Was it the eery silence (apart from the humming of the reactor) or the lingering smell of ozone in the air? Regardless, the base was peaceful — too peaceful. No one in sight. It was a few nervous moments before I saw Ted.

He was slumped over a game of solitaire. Dude always falls asleep when he plays cards, it's like a sedative or something. "Ted, you awake?" I poked him with the suit's heavy gauntlets. No response. I poked him again.

He was dead. Upon closer inspection, I realized the table was covered with blood. Ted's blood. The back of his combat suit was blown open, a none too gruesome sight. I recognized it from the training vids — he'd been shot by a mass driver at point-blank range.

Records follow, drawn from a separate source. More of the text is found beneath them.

(* Let $(Y,\mathfrak C,\gamma)$ be a standard non-atomic probability space, let $\mathbf B=(B_n)_{n=1}^\infty$ be a sequence of sets in $\mathfrak C$ with $\gamma(B_n)>0$, and let $\gamma^{\mathbf B}$ be the restricted infinite power of $\gamma$ with respect to $\mathbf B$ on $(X,\mathfrak B)=(Y,\mathfrak C)^{\otimes\mathbb N}$. Let $T$ be a $\gamma$-preserving Borel bijection of $Y$ and $\mathbf T=\bigotimes_{n=1}^\infty T$ the coordinatewise map on $X$. If $\sum_{n=1}^\infty \frac{\gamma(B_n\triangle TB_n)}{\gamma(B_n)}<\infty$, then $\mathbf T$ preserves $\gamma^{\mathbf B}$.
   Context: For $n\in\mathbb N$ put $\mathbf B^n=Y^n\times B_{n+1}\times B_{n+2}\times\cdots$, so $\mathbf B^1\subset\mathbf B^2\subset\cdots$. The restricted infinite power $\gamma^{\mathbf B}$ is the unique $\sigma$-finite measure on $(X,\mathfrak B)$, supported on $\bigcup_n\mathbf B^n$, whose restriction to each $\mathbf B^n$ equals $\frac{\gamma}{\gamma(B_1)}\otimes\cdots\otimes\frac{\gamma}{\gamma(B_n)}\otimes\frac{\gamma\restriction B_{n+1}}{\gamma(B_{n+1})}\otimes\frac{\gamma\restriction B_{n+2}}{\gamma(B_{n+2})}\otimes\cdots$ (these restrictions are compatible). *)

From HB Require Import structures.
From mathcomp Require Import all_boot all_order all_algebra.
From mathcomp Require Import all_classical all_reals all_analysis.
Set Implicit Arguments. Unset Strict Implicit. Unset Printing Implicit Defensive.
Import Order.TTheory GRing.Theory Num.Theory.
Local Open Scope classical_set_scope.
Local Open Scope ring_scope.

Definition cyl_gen d (Y : measurableType d) : set (set (nat -> Y)) :=
  [set A | exists (k : nat) (C : set Y), measurable C /\ A = (fun x => x k) @^-1` C].

Definition prodN d (Y : measurableType d) := g_sigma_algebraType (@cyl_gen d Y).

Definition standard_borel d (Y : measurableType d) (R : realType) : Prop :=
  exists f : Y -> measurableTypeR R,
    injective f /\ measurable_fun setT f /\ measurable (range f) /\
    (forall A : set Y, measurable A -> measurable (f @` A)).

Definition nonatomic d (Y : measurableType d) (R : realType)
    (g : {measure set Y -> \bar R}) : Prop :=
  forall A : set Y, measurable A -> (0 < g A)%E ->
    exists C : set Y, [/\ measurable C, C `<=` A, (0 < g C)%E & (g C < g A)%E].

(* B^n = Y^n x B_{n+1} x B_{n+2} x ... (0-indexed: coordinates k >= n lie in B k) *)
Definition Bpow d (Y : measurableType d) (B : nat -> set Y) (n : nat) : set (@prodN d Y) :=
  [set x | forall k, (n <= k)%N -> B k (x k)].

Definition rect d (Y : measurableType d) (A : nat -> set Y) (m : nat) : set (@prodN d Y) :=
  [set x | forall k, (k < m)%N -> A k (x k)].

(* mu is the restricted infinite power gamma^B: sigma-finite, supported on
   \bigcup_n B^n, and its restriction to each B^n is the product measure
   (gamma/gamma(B_1)) x ... x (gamma/gamma(B_n)) x (gamma|B_{n+1}/gamma(B_{n+1})) x ...
   (determined by its values on the rectangles with m >= n). *)
Definition restricted_infinite_power d (Y : measurableType d) (R : realType)
    (g : probability Y R) (B : nat -> set Y)
    (mu : {measure set (@prodN d Y) -> \bar R}) : Prop :=
  [/\ sigma_finite setT mu,
      mu (~` \bigcup_n Bpow B n) = 0%E &
      forall (n m : nat) (A : nat -> set Y), (n <= m)%N ->
        (forall k, measurable (A k)) ->
        mu (Bpow B n `&` rect A m) =
        (\prod_(k < m)
           (if (k < n)%N then fine (g (A k)) / fine (g (B k))
            else fine (g (A k `&` B k)) / fine (g (B k))))%:E].

Definition prodmap d (Y : measurableType d) (T : Y -> Y) : @prodN d Y -> @prodN d Y :=
  fun x => (fun k => T (x k)) : @prodN d Y.

From HB Require Import structures.
From mathcomp Require Import all_boot all_order all_algebra.
From mathcomp Require Import all_classical all_reals all_analysis.
Set Implicit Arguments. Unset Strict Implicit. Unset Printing Implicit Defensive.
Import Order.TTheory GRing.Theory Num.Theory.
Local Open Scope classical_set_scope.
Local Open Scope ring_scope.

(* Write P for the coordinatewise map and W_N for the set of sequences x with
   x_k in B_k /\ T B_k for all k >= N; then P^-1 W_N is the analogous set for
   B_k /\ T^-1 B_k.  On these sets mu is a finite product-type measure, and as
   T preserves g and maps each factor of P^-1 W_N onto the corresponding factor
   of W_N, the image of mu restricted to P^-1 W_N agrees with mu restricted to
   W_N on rectangles, hence everywhere.  Both g (B_k \ T B_k) and
   g (B_k \ T^-1 B_k) = g (T B_k \ B_k) are bounded by g (B_k Δ T B_k), so a
   Borel-Cantelli estimate turns the summability hypothesis into: mu-almost every
   point lies in some W_N and in some P^-1 W_N.  Letting N go to infinity gives
   mu (P^-1 S) = mu S. *)

Lemma preimage_image_inj (U V : Type) (f : U -> V) (A : set U) :
  injective f -> f @^-1` (f @` A) = A.
Proof.
move=> finj; apply/seteqP; split => [x [y Ay /finj <-] //|]; exact: preimage_image.
Qed.

Section cvg_measure_conull.
Context d (X : measurableType d) (R : realType).
Variables (mu : {measure set X -> \bar R}) (V : nat -> set X).
Hypotheses (mV : forall N, measurable (V N)) (ndV : nondecreasing_seq V).
Hypothesis V_conull : mu (~` \bigcup_N V N) = 0%E.

Lemma cvg_measure_setI_conull E : measurable E ->
  mu (E `&` V N) @[N --> \oo] --> mu E.
Proof.
move=> mE; have mU : measurable (\bigcup_N V N) by exact: bigcupT_measurable.
have -> : mu E = mu (\bigcup_N (E `&` V N)).
  rewrite -setI_bigcupr -[in LHS](setUIDK E (\bigcup_N V N)) measureU0 //.
  - exact: measurableI.
  - exact: measurableD.
  by apply: subset_measure0 V_conull => //; [exact: measurableD | exact: measurableC].
apply: nondecreasing_cvg_mu => [N||]; first exact: measurableI.
  by apply: bigcupT_measurable => N; exact: measurableI.
move=> N M NM; apply/subsetPset; apply: setIS; apply/subsetPset; exact: ndV.
Qed.
Lemma half_expr_small (e : R) : 0 < e ->
  exists N : nat, forall n, (N <= n)%N -> (2^-1)^+n < e.
Proof.
move=> e0; have ei : 0 <= e^-1 by rewrite invr_ge0 ltW.
exists (Num.Def.archi_bound e^-1) => n hn.
have : e^-1 < 2 ^+ n.
  apply: (lt_le_trans (archi_boundP ei)); rewrite -natrX ler_nat.
  exact: leq_trans hn (ltnW (ltn_expl _ _)).
by rewrite exprVn invf_plt ?posrE ?exprn_gt0.
Qed.

Variable y : A.
Hypothesis y_small : cnorm y <= 2^-1.

Fixpoint geo_sum n : A := if n is m.+1 then 1 + y * geo_sum m else 0.

Lemma geo_sumD n k : geo_sum (n + k) = geo_sum n + y ^+ n * geo_sum k.
Proof.
elim: n => [|n ih]; first by rewrite add0n expr0 mul1r add0r.
by rewrite addSn /= ih mulrDr addrA exprS mulrA.
Qed.

Lemma mul_geo_sum n : (1 - y) * geo_sum n = 1 - y ^+ n.
Proof.
elim: n => [|n ih] /=; first by rewrite mulr0 expr0 subrr.
have yC : (1 - y) * y = y * (1 - y) by rewrite mulrBl mulrBr mul1r mulr1.
by rewrite mulrDr mulr1 mulrA yC -mulrA ih mulrBr mulr1 -exprS addrA subrK.
Qed.

Lemma geo_sum_mul n : geo_sum n * (1 - y) = 1 - y ^+ n.
Proof.
elim: n => [|n ih] /=; first by rewrite mul0r expr0 subrr.
by rewrite mulrDl mul1r -mulrA ih mulrBr mulr1 -exprS addrA subrK.
Qed.

Lemma cnorm_expr_half n : cnorm (y ^+ n) <= (2^-1)^+n.
Proof.
apply: (le_trans (cnormX _ _)).
by rewrite lerXn2r ?nnegrE ?cnorm_ge0 ?invr_ge0 ?ler0n.
Qed.

Lemma cnorm_geo_sum n : cnorm (geo_sum n) <= 2.
Proof.
elim: n => [|n ih] /=; first by rewrite cnorm0 ler0n.
apply: (le_trans (cnormD _ _)); rewrite cnorm1.
have : cnorm y * cnorm (geo_sum n) <= 2^-1 * 2 by rewrite ler_pM ?cnorm_ge0.
by rewrite mulVf ?pnatr_eq0 // => /(le_trans (cnormM _ _)); lra.
Qed.

Lemma cnorm_geo_sum_sub N m : (N <= m)%N ->
  cnorm (geo_sum m - geo_sum N) <= 2 * (2^-1)^+N.
Proof.
move/subnKC <-; rewrite geo_sumD addrC addKr.
apply: (le_trans (cnormM _ _)); rewrite mulrC.
by rewrite ler_pM ?cnorm_ge0 ?cnorm_expr_half ?cnorm_geo_sum.
Qed.

Lemma geo_sum_cvg : exists l, norm_cvg geo_sum l.
Proof.
apply: cnorm_complete => e e0.
have [N hN] := half_expr_small (divr_gt0 e0 (ltr0n _ 4)).
exists N => m n hm hn; have /hN small := leqnn N.
have -> : geo_sum m - geo_sum n = (geo_sum m - geo_sum N) - (geo_sum n - geo_sum N).
  by rewrite opprB addrA subrK.
apply: (le_lt_trans (cnormB _ _)).
have := cnorm_geo_sum_sub hm; have := cnorm_geo_sum_sub hn; lra.
Qed.

Lemma norm_cvg_1_expr : norm_cvg (fun n => 1 - y ^+ n) 1.
Proof.
move=> e /half_expr_small[N hN]; exists N => n /hN small.
by rewrite addrAC subrr add0r cnormN (le_lt_trans (cnorm_expr_half n)).
Qed.

Lemma neumann_inverse : exists l : A,
  [/\ l * (1 - y) = 1, (1 - y) * l = 1 & cnorm l <= 2].
Proof.
have [l Sl] := geo_sum_cvg; exists l; split.
- apply: (norm_cvg_unique _ norm_cvg_1_expr); apply: (eq_norm_cvg geo_sum_mul).
  apply: (norm_cvg_lipschitz (phi := fun a => a * (1 - y)) (c := cnorm (1 - y))) Sl.
  by move=> a b; rewrite -mulrBl mulrC cnormM.
- apply: (norm_cvg_unique _ norm_cvg_1_expr); apply: (eq_norm_cvg mul_geo_sum).
  apply: (norm_cvg_lipschitz (phi := fun a => (1 - y) * a) (c := cnorm (1 - y))) Sl.
  by move=> a b; rewrite -mulrBr cnormM.
- exact: norm_cvg_le Sl cnorm_geo_sum.
Qed.

End Neumann.

Lemma unit_near1 (R : realType) (A : cstarAlgType R) (x : A) :
  cnorm (1 - x) <= 2^-1 -> x \is a GRing.unit /\ cnorm x^-1 <= 2.
Proof.
case/neumann_inverse=> l []; rewrite opprB addrC subrK => lx xl l2.
have ux : x \is a GRing.unit by apply/GRing.unitrP; exists l.
by rewrite -[x^-1]mul1r -lx -mulrA mulrV ?mulr1.
Qed.

Section ProjectionOrder.
Variables (R : realType) (A : cstarAlgType R).

Lemma idempotent_scale_mul (e : A) (a b c d : R[i]) : e * e = e ->
  (a *: e + b *: (1 - e)) * (c *: e + d *: (1 - e))
  = (a * c) *: e + (b * d) *: (1 - e).
Proof.
move=> ee; have e1 : e * (1 - e) = 0 by rewrite mulrBr mulr1 ee subrr.
have e2 : (1 - e) * e = 0 by rewrite mulrBl mul1r ee subrr.
have e3 : (1 - e) * (1 - e) = 1 - e by rewrite mulrBl mul1r e1 subr0.
rewrite mulrDl !mulrDr -!scalerAl -!scalerAr !scalerA ee e1 e2 e3.
by rewrite !scaler0 addr0 add0r.
Qed.
Theorem mainTheorem6 (R : realType) (x : nat -> bool) :
  (fun n : nat =>
     (#|[set p : prog n | `[< falls_off_fresh p x >] ]%SET|%:R
        / #|{: prog n}|%:R : R)) @ \oo --> (1 : R).
Proof.
apply/cvgrPdist_le => e e_gt0.
have bound_ge0 : 0 <= 3 / e :> R by rewrite divr_ge0 // ltW.
have := archi_boundP bound_ge0; set K := Num.Def.archi_bound _ => K_large.
have K_gt0 : (0 < K)%N by rewrite -(ltr0n R); apply: le_lt_trans K_large.
have K_ge : 3%:R / K%:R <= e :> R.
  by rewrite ler_pdivrMr ?ltr0n // mulrC -ler_pdivrMr // ltW.
near=> n; apply: le_trans K_ge; apply: dist_one_ratio_le => //.
- exact: cardsC.
- by apply/card_gt0P; exists [ffun=> (None, false, false)].
apply: card_not_falls_off_small => //; apply: leqW; apply: leqW.
by near: n; exact: nbhs_infty_ge.
Unshelve. all: by end_near.
Qed.
Theorem mainTheorem13 (nx ny : nat) (P Qt : nat -> nat -> nat -> R) :
  (2 <= nx)%nat -> (2 <= ny)%nat ->
  is_dist nx ny P ->
  full_supp nx ny P ->
  in_relint_DeltaP nx ny P Qt ->
  is_argmax_condH nx ny P Qt ->
  ((UI_X_minus_Y nx ny P 0 /\ (2 < ny)%nat) \/
   (UI_Y_minus_X nx ny P 0 /\ (2 < nx)%nat)) ->
  exists Q', is_argmax_condH nx ny P Q' /\
    exists t x y, in_dom nx ny t x y /\ Q' t x y <> Qt t x y.
Proof.
  intros Hnx Hny _ Hfs Hri Harg [[HUI Hy] | [HUI Hx]].
  - apply argmax_condH_not_unique_X; try assumption.
    exact (relint_pos nx ny P Qt Hfs Hri).
  - destruct (argmax_condH_not_unique_X ny nx (swapXY P) (swapXY Qt))
      as [Q' [HQ' [t [y [x [(Ht & Hy & Hx') Hne]]]]]].
    + assumption.
    + assumption.
    + intros t y x (Ht & Hy & Hx'); apply (relint_pos nx ny P Qt Hfs Hri); repeat split; assumption.
    + apply argmax_condH_swapXY; assumption.
    + apply UI_swapXY; assumption.
    + exists (swapXY Q'); split.
      * exact (argmax_condH_swapXY ny nx (swapXY P) Q' HQ').
      * exists t, x, y; split; [repeat split|]; assumption.
Qed.
Lemma closure_compact_group (S : set K) :
  is_subgroup S -> compact [set: K] -> hausdorff_space K ->
  compact_group_on (closure S).
Proof.
move=> sS cK hK; split.
- exact: closure_subgroup.
- exact/continuous_subspaceT/mulg_continuous.
- exact/continuous_subspaceT/invg_continuous.
- exact: subclosed_compact (@closed_closure _ _) cK _.
- exact: subspace_hausdorff.
Qed.

End TopologicalGroups.

(* A continuous map into a Hausdorff group that is multiplicative on a set S
   is multiplicative on closure S: extend the identity first in the second
   factor, then in the first one, each time by density. *)
Lemma hom_closure (K L : topGroupType) (alpha : K -> L) (S : set K) :
  hausdorff_space L -> continuous alpha ->
  (forall x y, S x -> S y -> alpha (x * y)%g = (alpha x * alpha y)%g) ->
  hom_on (closure S) alpha.
Proof.
move=> hL calpha aM.
have comp_continuous (u : K -> K) (v : L -> L) : continuous u -> continuous v ->
    continuous (alpha \o u) /\ continuous (v \o alpha).
  by move=> cu cv; split=> x; [exact: continuous_comp (cu x) (calpha _) |
                                exact: continuous_comp (calpha x) (cv _)].
have aM_left a : S a -> forall y, closure S y -> alpha (a * y)%g = (alpha a * alpha y)%g.
  move=> Sa; have [c1 c2] := comp_continuous _ _ (mulg_left_continuous a)
                                              (mulg_left_continuous (alpha a)).
  by apply: (closure_eq _ _ S hL c1 c2) => y Sy; apply: aM.
move=> x y Sx Sy.
have [c1 c2] := comp_continuous _ _ (mulg_right_continuous y)
                                    (mulg_right_continuous (alpha y)).
by apply: (closure_eq _ _ S hL c1 c2 _ x Sx) => z Sz; apply: aM_left.
Qed.

Section IndTopologicalGroup.
Context {B : topGroupType} {X : finType}.

Lemma ind_coord_continuous (x : X) : continuous (fun a : Ind B X => a.1 x).
Proof.
move=> a; apply: (@continuous_comp _ (prod_topology (fun _ : X => B)) _ fst
  (fun k => k x)); first exact: cvg_fst.
exact: (@proj_continuous X (fun _ => B) x).
Qed.

(* Sym(X) is discrete, so the permutation part is locally constant. *)
Lemma ind_perm_near (a : Ind B X) : \forall b \near a, b.2 = a.2.
Proof.
have : (fun b : Ind B X => b.2) @ nbhs a --> a.2 by exact: cvg_snd.
by move/discrete_cvg; apply.
Qed.

Lemma ind_cvg (T : Type) (F : set_system T) (h : T -> Ind B X) (l : Ind B X) :
  Filter F -> (forall x, (fun t => (h t).1 x) @ F --> l.1 x) ->
  (\forall t \near F, (h t).2 = l.2) -> h @ F --> l.
Proof.
move=> FF h1 h2.
have -> : h = fun t => ((h t).1, (h t).2) by apply: funext => t; case: (h t).
case: l h1 h2 => l1 l2 h1 h2.
have P1 : (fun t => (h t).1) @ F --> l1 by exact: prod_topology_cvg.
have P2 : (fun t => (h t).2) @ F --> l2 by exact: cvg_near_cst.
exact: cvg_pair P1 P2.
Qed.

(* Near (a, b) the permutations are frozen to a.2, b.2, so each coordinate of
   the product is a product of two coordinates. *)
Lemma ind_mul_continuous :
  continuous (fun p : Ind B X * Ind B X => (p.1 * p.2)%g).
Proof.
move=> [a b].
have perm1_near : \forall p \near (a, b), (p : Ind B X * Ind B X).1.2 = a.2.
  exact: cvg_fst (ind_perm_near a).
have perm2_near : \forall p \near (a, b), (p : Ind B X * Ind B X).2.2 = b.2.
  exact: cvg_snd (ind_perm_near b).
apply: (@ind_cvg _ (nbhs (a, b))) => [x|]; last first.
  rewrite near_simpl.
  by apply: filterS (filterI perm1_near perm2_near) => p /= [-> ->].
have frozen_cvg : (fun p : Ind B X * Ind B X => p.1.1 x * p.2.1 ((a.2^-1)%g x))%g
    @ nbhs (a, b) --> (a.1 x * b.1 ((a.2^-1)%g x))%g.
  apply: continuousM => p.
  - by move=> U /(continuous_comp (@fst_continuous _ _ p) (ind_coord_continuous x _)).
  - by move=> U /(continuous_comp (@snd_continuous _ _ p) (ind_coord_continuous _ _)).
apply: cvg_trans frozen_cvg; apply: near_eq_cvg.
by apply: filterS perm1_near => p /= ->.
Qed.

(* Likewise, near a each coordinate of the inverse is an inverted coordinate. *)
Lemma ind_inv_continuous : continuous (fun a : Ind B X => (a^-1)%g).
Proof.
move=> a; apply: ind_cvg => [x|]; last first.
  by apply: filterS (ind_perm_near a) => b /= ->.
have frozen_cvg : (fun b : Ind B X => (b.1 (a.2 x))^-1)%g @ nbhs a --> ((a.1 (a.2 x))^-1)%g.
  by move=> U /(continuous_comp (ind_coord_continuous (a.2 x) a) (@invg_continuous B _)).
apply: cvg_trans frozen_cvg; apply: near_eq_cvg.
by apply: filterS (ind_perm_near a) => b /= ->.
Qed.

HB.instance Definition _ :=
  GroupTop_isTopGroup.Build (Ind B X) ind_mul_continuous ind_inv_continuous.

Lemma ind_hausdorff : hausdorff_space B -> hausdorff_space (Ind B X).
Proof.
move=> hB; apply: hausdorff_pair; last exact: discrete_hausdorff.
exact: (@hausdorff_product X (fun _ => B) (fun _ => hB)).
Qed.

(* Tychonoff for B^X, finiteness for Sym(X). *)
Lemma ind_compact : compact [set: B] -> compact [set: Ind B X].
Proof.
move=> cB; rewrite -setXTT; apply: compact_setX.
  have := @tychonoff X (fun _ => B) (fun _ => setT) (fun _ => cB).
  by congr compact; apply/seteqP; split.
exact/finite_compact/(@finite_finset {perm X} setT).
Qed.

End IndTopologicalGroup.

Section CosetAction.
Context {G : topGroupType} {H : set G}.
Hypothesis H_subgroup : is_subgroup H.
Context {X : {fset G}}.
Hypothesis X_transversal : forall g : G,
  exists! p : G * X, H p.1 /\ g = (p.1 * val p.2)%g.
Context {dot : X -> G -> X} {c : X -> G -> G}.
Hypothesis dot_c : forall (x : X) (g : G),
  H (c x g) /\ (val x * g)%g = (c x g * val (dot x g))%g.

Lemma coset_decomposition_unique {a b : G} {y y' : X} :
  H a -> H b -> (a * val y = b * val y')%g -> a = b /\ y = y'.
Proof.
move=> Ha Hb E.
have [p [_ uniq_p]] := X_transversal (a * val y)%g.
have := uniq_p (a, y) (conj Ha erefl).
by rewrite (uniq_p (b, y') (conj Hb E)) => -[-> ->].
Qed.

Lemma cE x g : c x g = (val x * g * (val (dot x g))^-1)%g.
Proof. by rewrite (dot_c x g).2 mulgK. Qed.

Lemma dotP x g y : dot x g = y <-> H (val x * g * (val y)^-1)%g.
Proof.
split=> [<-|Hy]; first by rewrite -cE; exact: (dot_c x g).1.
have E : (c x g * val (dot x g) = (val x * g * (val y)^-1) * val y)%g.
  by rewrite mulgKV -(dot_c x g).2.
by have [_ ->] := coset_decomposition_unique (dot_c x g).1 Hy E.
Qed.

Suddenly, I could smell the blood, the vaporized MD bullet particles, the insects that even now were feasting on Ted's flesh. I could see the heat distortions in the air where the bolt had passed. I would've thrown up right then were I not distracted by a sudden movement. Spinning around, I saw Sarge standing in the exit. The only exit.

He was holding an MD limply by his side, a beatific smile on his face. Slowly, he raised the gun and let off a single shot directly into the chest of my suit.

The impact was incredible. I was amazed it didn't rip the armor to shreds. The electronics kicked out for a long, long second; when my vision came back, Sarge's deliriously happy visage was only a few feet away. He raised the gun, preparing to strike.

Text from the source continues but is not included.